New Orleans-Style Yakamein
New Orleans-Style Yakamein
Yakamein is a staple of New Orleans. Introduced by immigrants, this beef noodle soup is a fusion of Chinese and Cajun cuisine. While you can find Yakamein at high end restaurants, it is typically eaten as a street food at festivals and parades in a styrofoam cup. To the locals, this soup is known as “Ol Sober”, being the perfect hangover food.
Ingredients
- 2 lbs chuck roast cut into 1/2” cubes
- 3 tbsp creole seasoning
- 2 tbsp olive oil
- 1 medium yellow onion diced
- 1 stalk celery diced
- 1 medium green bell pepper diced
- 2 quarts beef stock
- 2/3 cup soy sauce
- 2 tbsp ketchup
- 1 tbsp Worcestershire sauce
- hot sauce to taste
- 1 lb spaghetti noodles cooked al dente
- hard boiled eggs cut in half
- green onions chopped
Instructions
- Heat up 1 tbsp of olive oil in a pot over medium heat. Season the chuck with 1 tbsp of creole seasoning and sauté for 10 minutes. Remove from the pot.

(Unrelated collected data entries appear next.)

(* Let $G=SL(n,\mathbb{R})$, $u\in\mathcal{S}_n$, $x\in Y_{\ge u}$, and $A=u^{-1}[xu^{-1}]_+u$. Let $1\le i\le n$ and $1\le j\le n-1$. (1) If $i\le j$ and $u(j)\le u(i)\le u(j+1)$, then $(A^{-1})_{j,i}\,A_{i,j+1}\ge0$. (2) If $j<i$ and $u(j)\le u(i)\le u(j+1)$, then $(A^{-1})_{j,i}\,A_{i,j+1}\le0$. (3) Otherwise, $(A^{-1})_{j,i}\,A_{i,j+1}=0$.
   Context: $B_-,H,N,N_-$ denote the lower-triangular, diagonal, unipotent upper triangular and unipotent lower triangular matrices. Elements of $W=\mathcal{S}_n$ are bijections of $\{1,\dots,n\}$, represented by permutation matrices $u$ with $ue_b=e_{u(b)}$ (so $(u^{-1}Mu)_{i,k}=M_{u(i),u(k)}$; computations are done in $GL(n,\mathbb{R})$). For an invertible matrix $z$ with nonzero leading principal minors, $z=[z]_-[z]_0[z]_+$ is its Gaussian (LDU) decomposition with $[z]_+$ unipotent upper triangular. $Y$ is the set of unipotent upper triangular real matrices all of whose minors are nonnegative; $Y^\circ_w=Y\cap B_-wB_-$, and $Y_{\ge u}=\bigcup_{w\ge u}Y^\circ_w$ with respect to the Bruhat order ($u\le w$ iff $B_-uB_-\subset\overline{B_-wB_-}$). For $x\in Y_{\ge u}$ the matrix $xu^{-1}$ has a Gaussian decomposition, so $A$ is defined. *)

From HB Require Import structures.
From mathcomp Require Import all_boot all_order all_algebra all_fingroup.
From mathcomp Require Import all_classical all_reals all_analysis.
Set Implicit Arguments. Unset Strict Implicit. Unset Printing Implicit Defensive.
Import Order.TTheory GRing.Theory Num.Theory.
Import numFieldNormedType.Exports.
Local Open Scope ring_scope.
Local Open Scope classical_set_scope.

- Add the other tbsp of olive oil and sauté the onions, celery, and bell pepper for 10 minutes.
- Return the beef to the pot.
- Pour in the beef stock, soy sauce, hot sauce, ketchup, Worcestershire sauce, and the remaining creole seasoning. Bring to a boil. Reduce the heat to low and simmer for 1 hour.
- Strain the broth of the meat and vegetables.
Assembly
- Place a quarter of the cooked spaghetti noodles in the bottom of a large soup bowl. Scoop a quarter of the beef and place on top of the noodles.
- Ladle the broth over the noodles and beef.
- Top with 2 hard boiled egg halves and chopped green onions. Serve with extra hot sauce if desired.